Forze speciali cinesi in Siria. Assad trova un nuovo alleato

Arrivano i cinesi, si riducono gli americani e, forse, anche i russi (che però vogliono spostarsi in Egitto). Il bollettino sulle forze militari straniere in Siria è fitto, mentre sono in corso i colloqui di pace a Ginevra e le ricadute degli accordi fra Russia, Turchia e Iran a Sochi cominciano a incidere sul terreno. La novità è l’arrivo delle forze speciali cinesi, due unità addestrate per la lotta al terrorismo. L’intervento è voluto da Bashar al-Assad in persona, che ha spedito il suo consigliere speciale Bouthaina Shaaban a Pechino.

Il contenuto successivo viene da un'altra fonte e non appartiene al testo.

(* Let $\lambda_0,\lambda_1,\lambda_\infty$ be integers with $0<\lambda_x<p^N$ for $x\in\{0,1,\infty\}$ and $\lambda_0+\lambda_1+\lambda_\infty$ odd and $<2p^N$. Let $\phi:\mathbb P\to\mathbb P$ be a finite, separable, tamely ramified morphism that has ramification index $\lambda_x$ at $[x]$ for $x\in\{0,1,\infty\}$ and is étale elsewhere. Then $\phi([0]),\phi([1]),\phi([\infty])$ are pairwise distinct.
   Context: $p$ is a prime, $N\ge1$, $k$ an algebraically closed field of characteristic $p$, $\mathbb P=\mathbb P^1_k$, and $[0],[1],[\infty]\in\mathbb P(k)$ the points with coordinates $0,1,\infty$. *)

From mathcomp Require Import all_boot all_order all_algebra.
Set Implicit Arguments. Unset Strict Implicit. Unset Printing Implicit Defensive.
Import GRing.Theory.
Local Open Scope ring_scope.

(* Points of P^1_k: [Some a] is the affine point with coordinate a,
   [None] is the point [infinity]. *)
Definition P1 (k : fieldType) := option k.

(* A morphism phi : P^1 -> P^1 of degree d >= 1 is given by a pair of coprime
   polynomials (g, h), phi = [G : H] where G, H are the degree-d
   homogenizations of g and h, d = max(deg g, deg h). *)
Section Morphism.
Variables (k : fieldType) (g h : {poly k}).

Definition mdeg : nat := (maxn (size g) (size h)).-1.

(* the morphism is well defined and finite (nonconstant) *)
Definition is_finite_morphism : Prop := coprimep g h /\ (1 <= mdeg)%N.

(* separable: the rational function g/h has nonzero derivative *)
Definition is_separable : Prop := g^`() * h - g * h^`() != 0.

Definition phi_at (P : P1 k) : P1 k :=
  match P with
  | Some a => if h.[a] != 0 then Some (g.[a] / h.[a]) else None
  | None => if (size h < size g)%N then None else Some (g`_mdeg / h`_mdeg)
  end.

(* the dehomogenized fibre form: its zeros (with multiplicity, including
   multiplicity mdeg - deg at infinity) form the divisor phi^*(Q) *)
Definition fibre_poly (Q : P1 k) : {poly k} :=
  match Q with
  | Some c => g - c *: h
  | None => h
  end.

(* ramification index of phi at P: multiplicity of P in phi^*(phi(P)),
   i.e. the valuation at P of the pull-back of a uniformizer at phi(P). *)
Definition ram_index (P : P1 k) : nat :=
  match P with
  | Some a => mup a (fibre_poly (phi_at P))
  | None => (mdeg.+1 - size (fibre_poly (phi_at P)))%N
  end.

Definition is_tame (p : nat) : Prop := forall P : P1 k, ~~ (p %| ram_index P)%N.

End Morphism.

From mathcomp Require Import all_boot all_order all_algebra ring zify.
Set Implicit Arguments. Unset Strict Implicit. Unset Printing Implicit Defensive.
Import GRing.Theory.
Local Open Scope ring_scope.

(* The Wronskian W = g'h - gh' of the pair (g, h) defining phi vanishes to
   order exactly e_a - 1 at every finite point a of tame index e_a, so tameness
   and etaleness away from [0], [1] give deg W = e_0 + e_1 - 2.  Suppose two of
   phi([0]), phi([1]), phi([infinity]) coincide; then phi([0]) and phi([1]) lie
   in {Q, R} with Q = phi([infinity]) and R <> Q.  The fibre forms F, H of Q and
   R satisfy W(F, H) = c W with c <> 0, and their degrees differ by the tame
   index e_infinity, whence deg W = deg F + deg H - 2.  But [0] and [1] are roots
   of F H of multiplicities at least e_0 and e_1, so deg F + deg H >= e_0 + e_1,
   a contradiction. *)

Section Wronskian.
Variable k : fieldType.
Implicit Types F G H : {poly k}.

Definition wronskian F H : {poly k} := F^`() * H - F * H^`().

Lemma size_mulX_derivB F : (size ('X * F^`() - F *+ (size F).-1)%R <= (size F).-1)%N.
Proof.
apply/leq_sizeP => j hj; rewrite coefB coefXM coefMn.
case: j hj => [|j] hj /=.
  have -> : (size F).-1 = 0%N by lia.
  by rewrite mulr0n subr0.
rewrite coef_deriv.
have [<-|hc] : (j.+1 = (size F).-1 \/ (size F).-1 < j.+1)%N by lia.
  by rewrite subrr.
by rewrite nth_default ?mul0rn ?subr0 //; move: hc; case: (size F).
Qed.

Lemma size_wronskian F H : F != 0 -> H != 0 -> (size F)%:R != (size H)%:R :> k ->
  size (wronskian F H) = (size F + size H).-2.
Proof.
move=> Fn Hn hne.
set n := (size F).-1; set m := (size H).-1.
set A := 'X * F^`() - F *+ n; set B := 'X * H^`() - H *+ m.
have sA := size_mulX_derivB F; have sB := size_mulX_derivB H.
rewrite -/n -/A in sA; rewrite -/m -/B in sB.
have hF : size F = n.+1 by rewrite /n; have := size_poly_gt0 F; rewrite Fn; lia.
have hH : size H = m.+1 by rewrite /m; have := size_poly_gt0 H; rewrite Hn; lia.
(* Euler's identity: X W(F, H) is (deg F - deg H) F H plus terms of lower degree. *)
have euler : 'X * wronskian F H = (n%:R - m%:R : k) *: (F * H) + (A * H - F * B).
  by rewrite /wronskian scalerBl !scaler_nat /A /B; ring.
have cn : (n%:R - m%:R : k) != 0.
  rewrite subr_eq0; apply: contra hne; rewrite hF hH => /eqP e.
  by rewrite -addn1 -(addn1 m) !natrD e.
have sFH : size (F * H) = (size F + size H).-1 by rewrite size_mul.
have lower : (size (A * H - F * B)%R < size (F * H)%R)%N.
  apply: leq_ltn_trans (size_polyD _ _) _; rewrite size_polyN sFH gtn_max.
  have := size_polyMleq A H; have := size_polyMleq F B.
  rewrite hF hH; move: (size A) (size B) (size (A * H)) (size (F * B)) sA sB.
  by move=> *; apply/andP; split; lia.
have : size ('X * wronskian F H) = (size F + size H).-1.
  by rewrite euler size_polyDl size_scale // sFH.
have [->|Wn] := eqVneq (wronskian F H) 0.
  by rewrite mulr0 size_poly0 hF hH addnS.
by rewrite mulrC size_mulX // hF hH addnS /= => -[->].
Qed.

Lemma mup_wronskian F G H a e : F = G * ('X - a%:P) ^+ e -> ~~ root G a ->
  H.[a] != 0 -> e%:R != 0 :> k -> mup a (wronskian F H) = e.-1.
Proof.
move=> -> rG Ha; case: e => [|e]; first by rewrite eqxx.
move=> He /=; set X := 'X - a%:P.
set V := (G^`() * X + G *+ e.+1) * H - G * X * H^`().
have -> : wronskian (G * X ^+ e.+1) H = V * X ^+ e.
  rewrite /wronskian derivM deriv_exp derivXsubC mul1r /= exprS -/X /V.
  clearbody X; move: (X ^+ e) (G^`()) (H^`()) => Y G' H'; ring.
rewrite mupMr ?mup_XsubCX ?eqxx // /root /V /X !hornerE subrr.
rewrite !(mulr0, mul0r, add0r, subr0) hornerMn -mulr_natr.
by rewrite !mulf_neq0.
Qed.

Lemma dvdp_XsubC_exp_mup2 (q : {poly k}) (a b : k) : q != 0 -> a != b ->
  ('X - a%:P) ^+ mup a q * ('X - b%:P) ^+ mup b q %| q.
Proof.
move=> qn ab; rewrite Gauss_dvdp; last first.
  by apply/coprimep_expl/coprimep_expr; rewrite coprimep_XsubC2 // subr_eq0 eq_sym.
by rewrite -(mup_geq a _ qn) -(mup_geq b _ qn) !leqnn.
Qed.

Lemma mup_add_lt_size (q : {poly k}) a b : q != 0 -> a != b ->
  (mup a q + mup b q < size q)%N.
Proof.
move=> qn ab; have := dvdp_leq qn (dvdp_XsubC_exp_mup2 qn ab).
by rewrite size_mul ?expf_neq0 ?polyXsubC_eq0 // !size_exp_XsubC addSn addnS.
Qed.

End Wronskian.

Lemma size_poly_roots01 (k : closedFieldType) (W : {poly k}) : W != 0 ->
  (forall a, a != 0 -> a != 1 -> mup a W = 0%N) ->
  size W = (mup 0 W + mup 1 W).+1.
Proof.
move=> Wn mupW; set m0 := mup 0 W; set m1 := mup 1 W.
set D : {poly k} := ('X - 0%:P) ^+ m0 * ('X - 1%:P) ^+ m1.
have Dn : D != 0 by rewrite mulf_neq0 // expf_neq0 // polyXsubC_eq0.
have mupD a : mup a D = addn (if a == 0 then m0 else 0%N) (if a == 1 then m1 else 0%N).
  by rewrite mupM ?expf_neq0 ?polyXsubC_eq0 // !mup_XsubCX !(eq_sym _ a).
have DW : D %| W by apply: dvdp_XsubC_exp_mup2; rewrite // eq_sym oner_neq0.
set U := W %/ D; have eW : W = U * D by rewrite divpK.
have Un : U != 0 by apply: contraNneq Wn => U0; rewrite eW U0 mul0r.
have noroot a : ~~ root U a.
  apply/negP => rU; have := mupM a Un Dn; rewrite -eW mupD.
  have : (0 < mup a U)%N by rewrite -XsubC_dvd // dvdp_XsubCl.
  have [-> | a0] := eqVneq a 0; first by rewrite -/m0; lia.
  have [-> | a1] := eqVneq a 1; first by rewrite -/m1; lia.
  by rewrite mupW //; lia.
have sU : size U = 1%N.
  by apply/eqP; apply: contraT => /closed_rootP [a]; rewrite (negPf (noroot a)).
have -> : size W = size (U * D) by rewrite -eW.
rewrite size_mul // sU add1n /= size_mul ?expf_neq0 ?polyXsubC_eq0 //.
by rewrite !size_exp_XsubC addSn addnS.
Qed.

Lemma exists_other_point (T : eqType) (x0 : T) (P Q : option T) :
  exists R, R <> Q /\ (P = Q \/ P = R).
Proof.
have [->|/eqP PQ] := eqVneq P Q; last by exists P; split=> //; right.
by case: Q => [q|]; [exists None | exists (Some x0)]; split=> //; left.
Qed.

Section Morphism.
Variables (k : closedFieldType) (g h : {poly k}).
Hypothesis hfin : is_finite_morphism g h.

Local Notation d := (mdeg g h).
Local Notation fib := (fibre_poly g h).
Local Notation phi := (phi_at g h).
Local Notation ram := (ram_index g h).

Lemma maxn_size_mdeg : maxn (size g) (size h) = d.+1.
Proof. by case: hfin => _; rewrite /mdeg; case: (maxn _ _). Qed.

Lemma fibre_poly_neq0 Q : fib Q != 0.
Proof.
case: hfin => cop hd; have hm := maxn_size_mdeg.
case: Q => [c|] /=; apply/eqP => e.
  have eg : g = c *: h by apply/eqP; rewrite -subr_eq0 e.
  have sh : size h = 1%N.
    have [c0|c0] := eqVneq c 0.
      by move: cop; rewrite eg c0 scale0r coprime0p => /eqp_size; rewrite size_poly1.
    by move: cop; rewrite eg coprimepZl // coprimepp => /eqP.
  have sg : (size g <= 1)%N.
    by rewrite eg; apply: leq_trans (size_scale_leq _ _) _; rewrite sh.
  by move: hd; rewrite /mdeg sh (maxn_idPr sg).
move: cop; rewrite e coprimep0 => /eqp_size; rewrite size_poly1 => sg.
by move: hd; rewrite /mdeg sg e size_poly0.
Qed.

Lemma size_fibre_poly_le Q : (size (fib Q) <= d.+1)%N.
Proof.
rewrite -maxn_size_mdeg; case: Q => [c|] /=; last exact: leq_maxr.
apply: leq_trans (size_polyD _ _) _; rewrite size_polyN geq_max leq_maxl /=.
exact: leq_trans (size_scale_leq _ _) (leq_maxr _ _).
Qed.

Lemma size_fibre_poly R : R <> phi None -> size (fib R) = d.+1.
Proof.
move=> hR; apply/eqP; rewrite eqn_leq size_fibre_poly_le /=.
have hm := maxn_size_mdeg.
case: (leqP (size (fib R)) d) => // hs; exfalso.
move/leq_sizeP: hs => /(_ d (leqnn d)) hc.
move: hR; rewrite /phi_at.
case: R hc => [c|] /= hc; case: ltnP => hgh.
- have sg : size g = d.+1 by move: hm; rewrite (maxn_idPl (ltnW hgh)).
  have h0 : h`_d = 0 by apply: nth_default; move: hgh; rewrite sg.
  move: hc; rewrite coefB coefZ h0 mulr0 subr0 => hc.
  have : lead_coef g == 0 by rewrite lead_coefE sg hc.
  by rewrite lead_coef_eq0 -size_poly_eq0 sg.
- have sh : size h = d.+1 by move: hm; rewrite (maxn_idPr hgh).
  have hd0 : h`_d != 0.
    have : lead_coef h != 0 by rewrite lead_coef_eq0 -size_poly_eq0 sh.
    by rewrite lead_coefE sh.
  move=> hne; apply: hne; congr Some.
  move: hc; rewrite coefB coefZ => /eqP; rewrite subr_eq0 => /eqP ->.
  by rewrite mulfK.
- by [].
- have sh : size h = d.+1 by move: hm; rewrite (maxn_idPr hgh).
  have : lead_coef h != 0 by rewrite lead_coef_eq0 -size_poly_eq0 sh.
  by rewrite lead_coefE sh /= hc eqxx.
Qed.

Lemma wronskian_fibre_poly Q R : Q <> R ->
  exists2 c : k, c != 0 & wronskian (fib Q) (fib R) = c *: wronskian g h.
Proof.
rewrite /wronskian; case: Q => [c|]; case: R => [c'|] //= hne.
- exists (c - c'); first by rewrite subr_eq0; apply: contra_not_neq hne => ->.
  rewrite !derivB !derivZ -!mul_polyC polyCB.
  by move: (g^`()) (h^`()) => g' h'; ring.
- exists 1; first exact: oner_neq0.
  rewrite scale1r derivB derivZ -!mul_polyC.
  by move: (g^`()) (h^`()) => g' h'; ring.
- exists (-1); first by rewrite oppr_eq0 oner_neq0.
  rewrite derivB derivZ scaleN1r -!mul_polyC.
  by move: (g^`()) (h^`()) => g' h'; ring.
Qed.

Lemma exists_fibre_poly_nonroot a : exists2 R, R <> phi (Some a) & (fib R).[a] != 0.
Proof.
rewrite /phi_at; have [ha|ha] := boolP (h.[a] != 0); first by exists None.
exists (Some 0) => //=; rewrite scale0r subr0.
move/negbNE: ha => ha.
by apply: coprimep_root ha; rewrite coprimep_sym; case: hfin.
Qed.

Lemma mup_wronskian_ram_index a : (ram (Some a))%:R != 0 :> k ->
  mup a (wronskian g h) = (ram (Some a)).-1.
Proof.
have [R Ra HRa] := exists_fibre_poly_nonroot a.
have [c c0 Wc] := wronskian_fibre_poly (nesym Ra).
rewrite /ram_index; set F := fib (phi (Some a)) in Wc *.
have [m [G]] := multiplicity_XsubC F a; rewrite fibre_poly_neq0 /= => rG EF.
have -> : mup a F = m by rewrite EF mupMr // mup_XsubCX eqxx.
move=> m0; rewrite -(mup_wronskian EF rG HRa m0) Wc -mul_polyC mupMr //.
by rewrite rootC.
Qed.

Lemma ram_index_le_mup a Q R : phi (Some a) = Q \/ phi (Some a) = R ->
  (ram (Some a) <= mup a (fib Q * fib R))%N.
Proof.
rewrite mupM ?fibre_poly_neq0 //.
by case=> <-; [apply: leq_addr | apply: leq_addl].
Qed.

Section Tame.
Variable p : nat.
Hypotheses (hchar : p \in [pchar k]) (htame : is_tame g h p).
Hypothesis hsep : is_separable g h.
Hypothesis hetale : forall a : k, a != 0 -> a != 1 -> ram (Some a) = 1%N.

Lemma ram_index_neq0 P : (ram P)%:R != 0 :> k.
Proof. by rewrite -(dvdn_pcharf hchar); exact: htame. Qed.

Lemma ram_index_gt0 P : (0 < ram P)%N.
Proof. by rewrite lt0n; apply: contraNneq (ram_index_neq0 P) => ->. Qed.

Lemma size_wronskian_ram_index :
  size (wronskian g h) = ((ram (Some 0)).-1 + (ram (Some 1)).-1).+1.
Proof.
rewrite size_poly_roots01 // ?mup_wronskian_ram_index ?ram_index_neq0 //.
by move=> a a0 a1; rewrite mup_wronskian_ram_index ?ram_index_neq0 // hetale.
Qed.

Lemma no_two_point_image R : R <> phi None ->
  phi (Some 0) = phi None \/ phi (Some 0) = R ->
  phi (Some 1) = phi None \/ phi (Some 1) = R -> False.
Proof.
move=> hR h0 h1; set Q := phi None in hR h0 h1.
have Fn := fibre_poly_neq0 Q; have Hn := fibre_poly_neq0 R.
set F := fib Q in Fn; set H := fib R in Hn.
have sH : size H = d.+1 := size_fibre_poly hR.
have sF : (size F + ram None)%N = d.+1.
  by have := size_fibre_poly_le Q; rewrite /ram_index -/Q -/F; lia.
have hne : (size F)%:R != (size H)%:R :> k.
  by rewrite sH -sF natrD -subr_eq0 opprD addrA subrr add0r oppr_eq0 ram_index_neq0.
have [c c0 Wc] := wronskian_fibre_poly (nesym hR).
have sW : size (wronskian g h) = (size F + size H).-2.
  by rewrite -(size_scale _ c0) -Wc size_wronskian.
have n01 : (0 : k) != 1 by rewrite eq_sym oner_neq0.
have lt_size : (ram (Some 0%R) + ram (Some 1%R) < (size F + size H).-1)%N.
  rewrite -size_mul //; apply: leq_ltn_trans (mup_add_lt_size (mulf_neq0 Fn Hn) n01).
  exact: leq_add (ram_index_le_mup h0) (ram_index_le_mup h1).
move: sW lt_size; rewrite size_wronskian_ram_index.
have := ram_index_gt0 (Some 0); have := ram_index_gt0 (Some 1); lia.
Qed.

End Tame.
End Morphism.

Theorem mainTheorem16 (p N : nat) (k : closedFieldType)
  (hp : prime p) (hchar : p \in [pchar k]) (hN : (1 <= N)%N)
  (l0 l1 linf : nat)
  (hl0 : (0 < l0 < p ^ N)%N) (hl1 : (0 < l1 < p ^ N)%N)
  (hlinf : (0 < linf < p ^ N)%N)
  (hodd : odd (l0 + l1 + linf)) (hsum : (l0 + l1 + linf < 2 * p ^ N)%N)
  (g h : {poly k})
  (hfin : is_finite_morphism g h) (hsep : is_separable g h)
  (htame : is_tame g h p)
  (hr0 : ram_index g h (Some 0) = l0)
  (hr1 : ram_index g h (Some 1) = l1)
  (hrinf : ram_index g h None = linf)
  (hetale : forall a : k, a != 0 -> a != 1 -> ram_index g h (Some a) = 1%N) :
  [/\ phi_at g h (Some 0) <> phi_at g h (Some 1),
      phi_at g h (Some 0) <> phi_at g h None
    & phi_at g h (Some 1) <> phi_at g h None].
Proof.
have NC := no_two_point_image hfin hchar htame hsep hetale.
set Q := phi_at g h None in NC *.
split=> E.
- have [R [RQ hR]] := exists_other_point 0 (phi_at g h (Some 0)) Q.
  by apply: (NC R RQ hR); rewrite -E.
- have [R [RQ hR]] := exists_other_point 0 (phi_at g h (Some 1)) Q.
  exact: NC R RQ (or_introl E) hR.
- have [R [RQ hR]] := exists_other_point 0 (phi_at g h (Some 0)) Q.
  exact: NC R RQ hR (or_introl E).
Qed.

Ieri il ministero della Difesa avrebbe dato il via libera al dispiegamento delle unità «Tigri siberiane» e «Tigri notturne». L’intervento è dato per certo dai media filo-Damasco ma è confermato anche da altri vicini all’opposizione, come Al-Arabi al-Jadid. Il corteggiamento di Damasco a Pechino dura da parecchi mesi e ha una motivazione specifica. Dopo la sconfitta dell’Isis nell’Est ora Assad vuole riconquistare la provincia di Idlib, roccaforte di gruppi ribelli legati ad Al-Qaeda. Uno dei più ostici è il «Partito del Turkestan», composto da combattenti uiguri, musulmani cinesi di etnia turca.
Gli uiguri si sono stabiliti sulle montagne Idlib e Lattakia, hanno portato con loro le famiglie e combatteranno fino alla morte perché non possono tornare, vivi, in Cina. L’offensiva a Idlib è in stallo e l’idea di andare a stanare gli uiguri sulle montagne è da brividi anche per le truppe più sperimentate del raiss. Già a maggio l’ambasciatore siriano a Pechino, Imad Moustapha, aveva dichiarato che i foreign fighter uiguri in Siria erano un problema anche per la Cina perché dalla Siria promuovevano «la causa della secessione dello Xinjiang», la loro regione.
Parole studiate per convincere Pechino, che è sensibilissima a ogni allarme separatista. L’ambasciatore stimava allora i combattenti islamisti in «5000 mila», uno dei più folti contingenti di foreign fighters. Il corpo di spedizione cinese sarà composto da qualche centinaio di uomini e andrà a complicare uno scacchiere dove si incrociano militari di tutte le nazionalità. Russia e Turchia hanno ciascuna circa 8 mila soldati. Gli americani, come ha comunicato tre giorni fa il Pentagono, sono 1700.
Marines e forze speciali hanno sostenuto i guerriglieri curdi nella battaglia di Raqqa contro l’Isis ma ora la loro presenza è in forse. Il presidente Usa Donald Trump ha promesso al leader turco Recep Tayyip Erdogan di ridurre gli aiuti ai curdi, ieri Washington ha annunciato il ritorno a casa dei reparti di artiglieria dei Marines. Gli Stati Uniti però vogliono calibrare il loro ritiro con quello dei rivali. Mosca ha fatto trapelare che si sta preparando, anche se conserverà le basi a Tartus e Lattakia.
L’intervento iraniano è più circospetto. Teheran non ha inviato soldati ma consiglieri militari a guidare le milizie sciite alleate libanesi e irachene. La presenza iraniana è osteggiata da Israele e ieri il ministro degli Esteri iraniano, Mohamad Javad Zarif, intervenuto ai Mediterranean Dialogues di Roma, ha ribadito che continuerà: «Noi siamo della regione mediorientale, è la nostra casa», ha spiegato, anche se l’Iran non vuole «escludere nessun attore regionale da questa casa, Arabia Saudita, Emirati, Egitto o Siria» e lavorare per la pace.
In questo Medio Oriente in ristrutturazione Mosca continua a essere protagonista. Il ministro della Difesa Sergei Shoigu è arrivato ieri al Cairo per sviluppare la cooperazione militare. Ha incontrato il collega Sedki Sobhi e il presidente Abdel Fatah al-Sisi. L’obiettivo dei russi, neanche più tanto segreto, è riaprire la loro base aeronavale a Sidi Barrani, vicina al confine con la Libia, chiusa dopo la rottura fra Egitto e Urss alla metà degli Anni 70.